Fix an arbitrary $\bar{x}\in\mathcal{H}$. Since $x\mapsto D(x,\bar{x})$ is convex and smooth [1, Theorem 20.25] yields that $x\mapsto\nabla_{x}D(x,\bar{x})$ is maximally monotone with a domain $\mathcal{H}$. Hence, by [5, Theorem 1] we have that $T$ is maximally monotone.
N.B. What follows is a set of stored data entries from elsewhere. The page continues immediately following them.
(* For nonnegative integers $s_1,s_2$, let $N(s_1,s_2)$ be the number of $(x_1,x_2,x_3,x_4)\in\mathbb Z_{\ge0}^4$ with $x_1+2x_2+x_3=s_1$ and $x_1+x_2+x_4=s_2$ (the vector partition function of $\begin{pmatrix}1&2&1&0\\1&1&0&1\end{pmatrix}$). For $\boldsymbol\alpha=(\alpha_1,\alpha_2)\in\mathbb C^2$ with $(\alpha_1+\alpha_2)(2\alpha_1+\alpha_2)\ne0$ define $$W(\mathbf s;\boldsymbol\alpha)=\frac{\alpha_1^2\,A+2\alpha_1\alpha_2\,B+\alpha_2^2\,C}{2(\alpha_1+\alpha_2)(2\alpha_1+\alpha_2)},$$ where $A=s_1^2+4s_1+\tfrac72+\tfrac12(-1)^{s_1}$, $B=s_1s_2+\tfrac32s_1+2s_2+\tfrac{11}4+\tfrac14(-1)^{s_1}$, $C=s_2^2+3s_2+2$. Then: (i) if $s_1\le s_2$, $N(s_1,s_2)=W(\mathbf s;(1,0))=\frac{s_1^2}{4}+s_1+\frac{7+(-1)^{s_1}}{8}$; (ii) if $s_1/2-1\le s_2\le s_1+1$, $N(s_1,s_2)=\operatorname{Re}W(\mathbf s;(1,-1\pm i))=s_1s_2-\frac{s_1^2+2s_2^2}{4}+\frac{s_1+s_2}{2}+\frac{7+(-1)^{s_1}}{8}$; (iii) if $s_2\le s_1/2$, $N(s_1,s_2)=W(\mathbf s;(0,1))=\frac{s_2^2}{2}+\frac{3s_2}{2}+1$. *)

From HB Require Import structures.
From mathcomp Require Import all_boot all_order all_algebra all_field.
Set Implicit Arguments. Unset Strict Implicit. Unset Printing Implicit Defensive.
Import Order.TTheory GRing.Theory Num.Theory.
Local Open Scope ring_scope.

(* The ranges x1,x2,x3 <= s1 and x4 <= s2 are forced by the first/second
   equation, so the finite sum counts exactly all solutions. *)
Definition Npart (s1 s2 : nat) : nat :=
  (\sum_(x1 < s1.+1) \sum_(x2 < s1.+1) \sum_(x3 < s1.+1) \sum_(x4 < s2.+1)
     ((x1 + 2 * x2 + x3 == s1) && (x1 + x2 + x4 == s2) : nat))%N.

Definition WA (s1 : nat) : algC :=
  s1%:R ^+ 2 + 4 * s1%:R + 7 / 2 + (1 / 2) * (-1) ^+ s1.
Definition WB (s1 s2 : nat) : algC :=
  s1%:R * s2%:R + (3 / 2) * s1%:R + 2 * s2%:R + 11 / 4 + (1 / 4) * (-1) ^+ s1.
Definition WC (s2 : nat) : algC := s2%:R ^+ 2 + 3 * s2%:R + 2.

(* W(s; alpha); meaningful when (a1 + a2)(2 a1 + a2) != 0. *)
Definition W (s1 s2 : nat) (a1 a2 : algC) : algC :=
  (a1 ^+ 2 * WA s1 + 2 * a1 * a2 * WB s1 s2 + a2 ^+ 2 * WC s2)
  / (2 * (a1 + a2) * (2 * a1 + a2)).

From HB Require Import structures.
From mathcomp Require Import all_boot all_order all_algebra all_field.
From mathcomp Require Import zify ring.
Import Order.TTheory GRing.Theory Num.Theory.

(* Eliminating the slack variables x3 and x4 turns N(s1, s2) into the number
   of lattice points (x1, x2) with x1 + 2 x2 <= s1 and x1 + x2 <= s2.  Removing
   the row x2 = 0 and shifting the rest down gives
   N(s1 + 2, s2 + 1) = N(s1, s2) + min(s1 + 2, s2 + 1) + 1, a step that stays
   inside each of the three chambers, so each counting formula follows by
   induction from its boundary values.  The evaluations of W are field
   identities; at alpha = (1, -1 +- i) the denominator is 2(+-i - 1), and
   multiplying through by its conjugate separates the real part. *)

Lemma big_ord_widen_idx (R : Type) (idx : R) (op : Monoid.law idx) n m
    (F : nat -> R) :
  n <= m -> (forall i, n <= i < m -> F i = idx) ->
  \big[op/idx]_(i < m) F i = \big[op/idx]_(i < n) F i.
Proof.
move=> le_nm F_idx; rewrite (big_ord_widen _ _ le_nm) [RHS]big_mkcond.
apply: eq_bigr => i _; case: ifPn => // /negbTE lt_in.
by rewrite F_idx // ltn_ord leqNgt lt_in.
Qed.

Lemma sum_ord_leq c b : c < b -> \sum_(i < b) (i <= c : nat) = c.+1.
Proof.
move=> lt_cb.
rewrite (@big_ord_widen_idx _ _ addn c.+1 b (fun i => (i <= c : nat))) //;
  last first.
  by move=> i /andP[lt_ci _]; rewrite leqNgt lt_ci.
rewrite (eq_bigr (fun=> 1%N)) => [|i _]; last by rewrite -ltnS ltn_ord.
by rewrite sum1_card card_ord.
Qed.

Lemma sum_ord_addn_eq m n : \sum_(x < n.+1) (m + x == n : nat) = (m <= n).
Proof.
case: (leqP m n) => [le_mn | lt_nm]; last first.
  by rewrite big1 // => x _; rewrite (_ : (m + x == n) = false) //; lia.
have lt_d : n - m < n.+1 by lia.
rewrite (bigD1 (Ordinal lt_d)) //= big1 => [|x ne_x]; first by rewrite subnKC // eqxx.
rewrite (_ : (m + x == n) = false) //; apply/negbTE/eqP => def_n.
by move/eqP: ne_x; apply; apply: val_inj => /=; lia.
Qed.

Definition Nbox (b1 b2 s1 s2 : nat) : nat :=
  \sum_(x1 < b1) \sum_(x2 < b2) ((x1 + 2 * x2 <= s1) && (x1 + x2 <= s2) : nat).

Lemma Npart_Nbox s1 s2 : Npart s1 s2 = Nbox s1.+1 s1.+1 s1 s2.
Proof.
rewrite /Npart /Nbox; apply: eq_bigr => x1 _; apply: eq_bigr => x2 _.
under eq_bigr do under eq_bigr do rewrite -mulnb.
under eq_bigr do rewrite -big_distrr /=.
by rewrite -big_distrl /= -mulnb !sum_ord_addn_eq.
Qed.

Lemma Nbox_widen b1 b2 c1 c2 s1 s2 :
  minn s1 s2 < b1 <= c1 -> minn s1 s2 < b2 <= c2 ->
  Nbox c1 c2 s1 s2 = Nbox b1 b2 s1 s2.
Proof.
move=> /andP[lt_b1 le_c1] /andP[lt_b2 le_c2]; rewrite /Nbox.
pose pt x1 x2 := ((x1 + 2 * x2 <= s1) && (x1 + x2 <= s2) : nat).
rewrite (@big_ord_widen_idx _ _ addn b1 c1 (fun x1 => \sum_(x2 < c2) pt x1 x2))
  // => [|x1 /andP[le_x1 _]]; last first.
  by apply: big1 => x2 _; rewrite /pt (_ : (_ && _) = false) //; lia.
apply: eq_bigr => x1 _; apply: (@big_ord_widen_idx _ _ addn b2 c2 (pt x1)) => //.
by move=> x2 /andP[le_x2 _]; rewrite /pt (_ : (_ && _) = false) //; lia.
Qed.

Lemma Npart0l s2 : Npart 0 s2 = 1.
Proof. by rewrite Npart_Nbox /Nbox !big_ord1. Qed.

Lemma Npart0r s1 : Npart s1 0 = 1.
Proof.
rewrite Npart_Nbox (@Nbox_widen 1 1) ?minn0 //.
by rewrite /Nbox !big_ord1.
Qed.

Lemma Npart1S s2 : Npart 1 s2.+1 = 2.
Proof. by rewrite Npart_Nbox /Nbox !big_ord_recl !big_ord0. Qed.

(* Points with x2 > 0 are the points of the (s1, s2) problem shifted by
   (0, 1); those with x2 = 0 are 0 <= x1 <= min(s1 + 2, s2 + 1). *)
Lemma NpartSS s1 s2 : Npart s1.+2 s2.+1 = Npart s1 s2 + (minn s1.+2 s2.+1).+1.
Proof.
rewrite !Npart_Nbox -(@Nbox_widen s1.+1 s1.+1 s1.+3 s1.+2); [|lia|lia].
rewrite /Nbox; under eq_bigr do rewrite big_ord_recl.
rewrite big_split /= addnC; congr (_ + _).
  apply: eq_bigr => x1 _; apply: eq_bigr => x2 _ /=.
  by congr (nat_of_bool _); apply/idP/idP; rewrite /bump /=; lia.
rewrite -(@sum_ord_leq (minn s1.+2 s2.+1) s1.+3); last by lia.
by apply: eq_bigr => x1 _ /=; congr (nat_of_bool _); apply/idP/idP; lia.
Qed.

Local Open Scope ring_scope.

Section ClosedForms.

Variable R : numFieldType.

Lemma Npart_chamberI s1 s2 : (s1 <= s2)%N ->
  (Npart s1 s2)%:R = s1%:R ^+ 2 / 4 + s1%:R + (7 + (-1) ^+ s1) / 8 :> R.
Proof.
elim/ltn_ind: s1 s2 => -[|[|s1]] IH s2 le_s12.
- by rewrite Npart0l expr0; field.
- by case: s2 le_s12 => // s2 _; rewrite Npart1S expr1; field.
- case: s2 le_s12 => // s2 le_s12.
  rewrite NpartSS natrD (IH s1) //; last by lia.
  by rewrite (minn_idPl _) // !exprS; field.
Qed.

Lemma Npart_chamberIII s1 s2 : (2 * s2 <= s1)%N ->
  (Npart s1 s2)%:R = s2%:R ^+ 2 / 2 + 3 * s2%:R / 2 + 1 :> R.
Proof.
elim: s2 s1 => [|s2 IH] s1 le_s21; first by rewrite Npart0r; field.
case: s1 le_s21 => [|[|s1]] le_s21; try lia.
rewrite NpartSS natrD (IH s1); last by lia.
by rewrite (minn_idPr _); [field | lia].
Qed.

Lemma Npart_chamberII s1 s2 : (s1 <= 2 * s2 + 2)%N -> (s2 <= s1.+1)%N ->
  (Npart s1 s2)%:R = s1%:R * s2%:R - (s1%:R ^+ 2 + 2 * s2%:R ^+ 2) / 4
       + (s1%:R + s2%:R) / 2 + (7 + (-1) ^+ s1) / 8 :> R.
Proof.
elim: s2 s1 => [|s2 IH] s1 le_s12 le_s21.
  rewrite Npart0r; case: s1 le_s12 le_s21 => [|[|[|s1]]] // _ _.
  - by rewrite expr0; field.
  - by rewrite expr1; field.
  - by rewrite !exprS expr0; field.
have [le_s1S|lt_Ss1] := leqP s1 s2.+1.
  rewrite Npart_chamberI //.
  have [->|->] : s1 = s2.+1 \/ s1 = s2 by lia.
  - by rewrite !exprS; field.
  - by field.
case: s1 le_s12 le_s21 lt_Ss1 => [|[|s1]] // le_s12 le_s21 lt_Ss1.
rewrite NpartSS natrD (IH s1); [|lia|lia].
by rewrite (minn_idPr _); [rewrite !exprS; field | lia].
Qed.

Lemma ler_nat_half m n : (n%:R <= m%:R / 2 :> R) = (2 * n <= m)%N.
Proof. by rewrite ler_pdivlMr // -[2 : R]/(2%:R) -natrM mulnC ler_nat. Qed.

Lemma ler_nat_half_sub1 m n : (m%:R / 2 - 1 <= n%:R :> R) = (m <= 2 * n + 2)%N.
Proof.
rewrite lerBlDr ler_pdivrMr // -[2 : R]/(2%:R) -[1 : R]/(1%:R) -natrD -natrM.
by rewrite ler_nat; apply/idP/idP; lia.
Qed.

End ClosedForms.

Lemma W_1_0 s1 s2 : W s1 s2 1 0 = s1%:R ^+ 2 / 4 + s1%:R + (7 + (-1) ^+ s1) / 8.
Proof. by rewrite /W /WA /WB /WC; field. Qed.

Lemma W_0_1 s1 s2 : W s1 s2 0 1 = s2%:R ^+ 2 / 2 + 3 * s2%:R / 2 + 1.
Proof. by rewrite /W /WA /WB /WC; field. Qed.

Lemma quad_ratio_rect (F : numFieldType) (A B C j : F) : j ^+ 2 = -1 ->
  (1 ^+ 2 * A + 2 * 1 * (-1 + j) * B + (-1 + j) ^+ 2 * C)
    / (2 * (1 + (-1 + j)) * (2 * 1 + (-1 + j)))
  = (- A / 4 + B - C / 2) + j * (- A / 4 + C / 2).
Proof.
move=> sqj.
have mod_sqj (P Q K : F) : P = Q + K * (j ^+ 2 + 1) -> P = Q.
  by rewrite sqj addNr mulr0 addr0.
have -> : 2 * (1 + (-1 + j)) * (2 * 1 + (-1 + j)) = 2 * (j - 1).
  by apply: (mod_sqj _ _ 2); ring.
have two_neq0 : 2 != 0 :> F by rewrite -[2 : F]/(2%:R) pnatr_eq0.
have j_neq1 : j - 1 != 0.
  rewrite subr_eq0; apply: contra_eqN sqj => /eqP ->.
  by rewrite expr1n -subr_eq0 opprK.
apply: (mulIf (mulf_neq0 two_neq0 j_neq1)); rewrite mulfVK ?mulf_neq0 //.
by apply: (mod_sqj _ _ (A / 2)); field.
Qed.

Lemma Re_W_rect s1 s2 (j : algC) : j = 'i \/ j = - 'i ->
  'Re (W s1 s2 1 (-1 + j)) = - WA s1 / 4 + WB s1 s2 - WC s2 / 2.
Proof.
have rY : - WA s1 / 4 + WC s2 / 2 \is Num.real.
  by rewrite /WA /WC ?(rpredD, rpredM, rpredX, rpredN, rpredV, realn, rpred1).
have rX : - WA s1 / 4 + WB s1 s2 - WC s2 / 2 \is Num.real.
  by rewrite /WA /WB /WC ?(rpredD, rpredM, rpredX, rpredN, rpredV, realn, rpred1).
case=> ->.
- by rewrite /W quad_ratio_rect ?sqrCi // Re_rect.
- by rewrite /W quad_ratio_rect ?sqrrN ?sqrCi // (mulNr 'i) -mulrN Re_rect ?rpredN.
Qed.

Theorem mainTheorem6 (s1 s2 : nat) :
  ((s1 <= s2)%N ->
     (Npart s1 s2)%:R = W s1 s2 1 0 /\
     W s1 s2 1 0 = s1%:R ^+ 2 / 4 + s1%:R + (7 + (-1) ^+ s1) / 8)
  /\
  (s1%:R / 2 - 1 <= s2%:R :> algC -> (s2 <= s1.+1)%N ->
     (Npart s1 s2)%:R = 'Re (W s1 s2 1 (-1 + 'i)) /\
     (Npart s1 s2)%:R = 'Re (W s1 s2 1 (-1 - 'i)) /\
     'Re (W s1 s2 1 (-1 + 'i)) =
       s1%:R * s2%:R - (s1%:R ^+ 2 + 2 * s2%:R ^+ 2) / 4
       + (s1%:R + s2%:R) / 2 + (7 + (-1) ^+ s1) / 8)
  /\
  (s2%:R <= s1%:R / 2 :> algC ->
     (Npart s1 s2)%:R = W s1 s2 0 1 /\
     W s1 s2 0 1 = s2%:R ^+ 2 / 2 + 3 * s2%:R / 2 + 1).
Proof.
split; [|split].
- by move=> le_s12; rewrite W_1_0 Npart_chamberI.
- rewrite ler_nat_half_sub1 => le_s12 le_s21.
  have Re_W j : j = 'i \/ j = - 'i -> 'Re (W s1 s2 1 (-1 + j)) =
      s1%:R * s2%:R - (s1%:R ^+ 2 + 2 * s2%:R ^+ 2) / 4
      + (s1%:R + s2%:R) / 2 + (7 + (-1) ^+ s1) / 8.
    by move=> ij; rewrite Re_W_rect // /WA /WB /WC; field.
  by rewrite !Re_W ?Npart_chamberII; auto.
- by rewrite ler_nat_half => le_s21; rewrite W_0_1 Npart_chamberIII.
Qed.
Next, let $(x_{0},y_{0})\in\operatorname{gra}M$. Then for every $x\in\mathcal{H}$ we have that

$$\begin{split}\inf\|Tx\|=&\inf\|\nabla\psi(x)-\nabla\psi(x_{0})+Mx-y_{0}+(\nabla\psi(x_{0})+y_{0}-\nabla\psi(\bar{x}))\|\\ \geq&\inf\|\nabla\psi(x)-\nabla\psi(x_{0})+Mx-y_{0}\|-\|\nabla\psi(x_{0})+y_{0}-\nabla\psi(\bar{x})\|.\end{split}$$

Furthermore, the strong convexity of $\psi$ yields that

$$\begin{split}\langle\nabla\psi(x)-\nabla\psi(x_{0})+Mx-y_{0},x-x_{0}\rangle\geq 2\alpha\|x-x_{0}\|^{2},\end{split}$$

for some $\alpha>0$, and from Cauchy-Schwarz inequality we obtain that

$$\inf\|\nabla\psi(x)-\nabla\psi(x_{0})+Mx-y_{0}\|\geq 2\alpha\|x-x_{0}\|,\quad\forall x\in\mathcal{H}.$$

Hence

$$\inf\|T(x)\|\geq 2\alpha\|x-x_{0}\|-\|\nabla\psi(x_{0})+y_{0}-\nabla\psi(\bar{x})\|,\quad\forall x\in\mathcal{H},$$

which implies

$$\lim_{\|x\|\to\infty}\|Tx\|=\infty,$$

and [1, Corollary 21.24] concludes the proof. ∎

We introduce the following function

$$\begin{split}\mathcal{L}(x,\zeta;y,\eta)=&\sup_{(u,v)\in Ax\times B^{-1}y}\langle x-\zeta,-u-C^{*}\eta\rangle+\langle C\zeta-v,y-\eta\rangle\\ =&\sup_{(u,v)\in Ax\times B^{-1}y}\langle\zeta-x,u\rangle+\langle\eta-y,v\rangle-\langle Cx,\eta\rangle+\langle C\zeta,y\rangle,\end{split}$$

(12)

where we set the supremum of an empty set to be $-\infty$. As pointed out in [3], the basic building block of (11) is the iteration

$$\begin{cases}\hat{x}=(\nabla_{x}D_{1}(\cdot,\bar{x})+A)^{-1}\left(-C^{*}\tilde{y}\right),\\ \hat{y}=(\nabla_{y}D_{2}(\cdot,\bar{y})+\sigma B^{-1})^{-1}\left(C\tilde{x}\right),\end{cases}$$

(13)

for suitable choices of $\bar{x},\hat{x},\tilde{x}$ and $\bar{y},\hat{y},\tilde{y}$. In an expanded form, (13) can be written as

$$\begin{cases}\nabla_{x}D_{1}(\hat{x},\bar{x})+\hat{u}=-C^{*}\tilde{y},\\ \nabla_{y}D_{2}(\hat{y},\bar{y})+\hat{v}=C\tilde{x},\end{cases}$$

(14)

where $(\hat{u},\hat{v})\in A\hat{x}\times B^{-1}\hat{y}$. Thus, we first obtain estimates for the general iteration (14) and then apply them to (11).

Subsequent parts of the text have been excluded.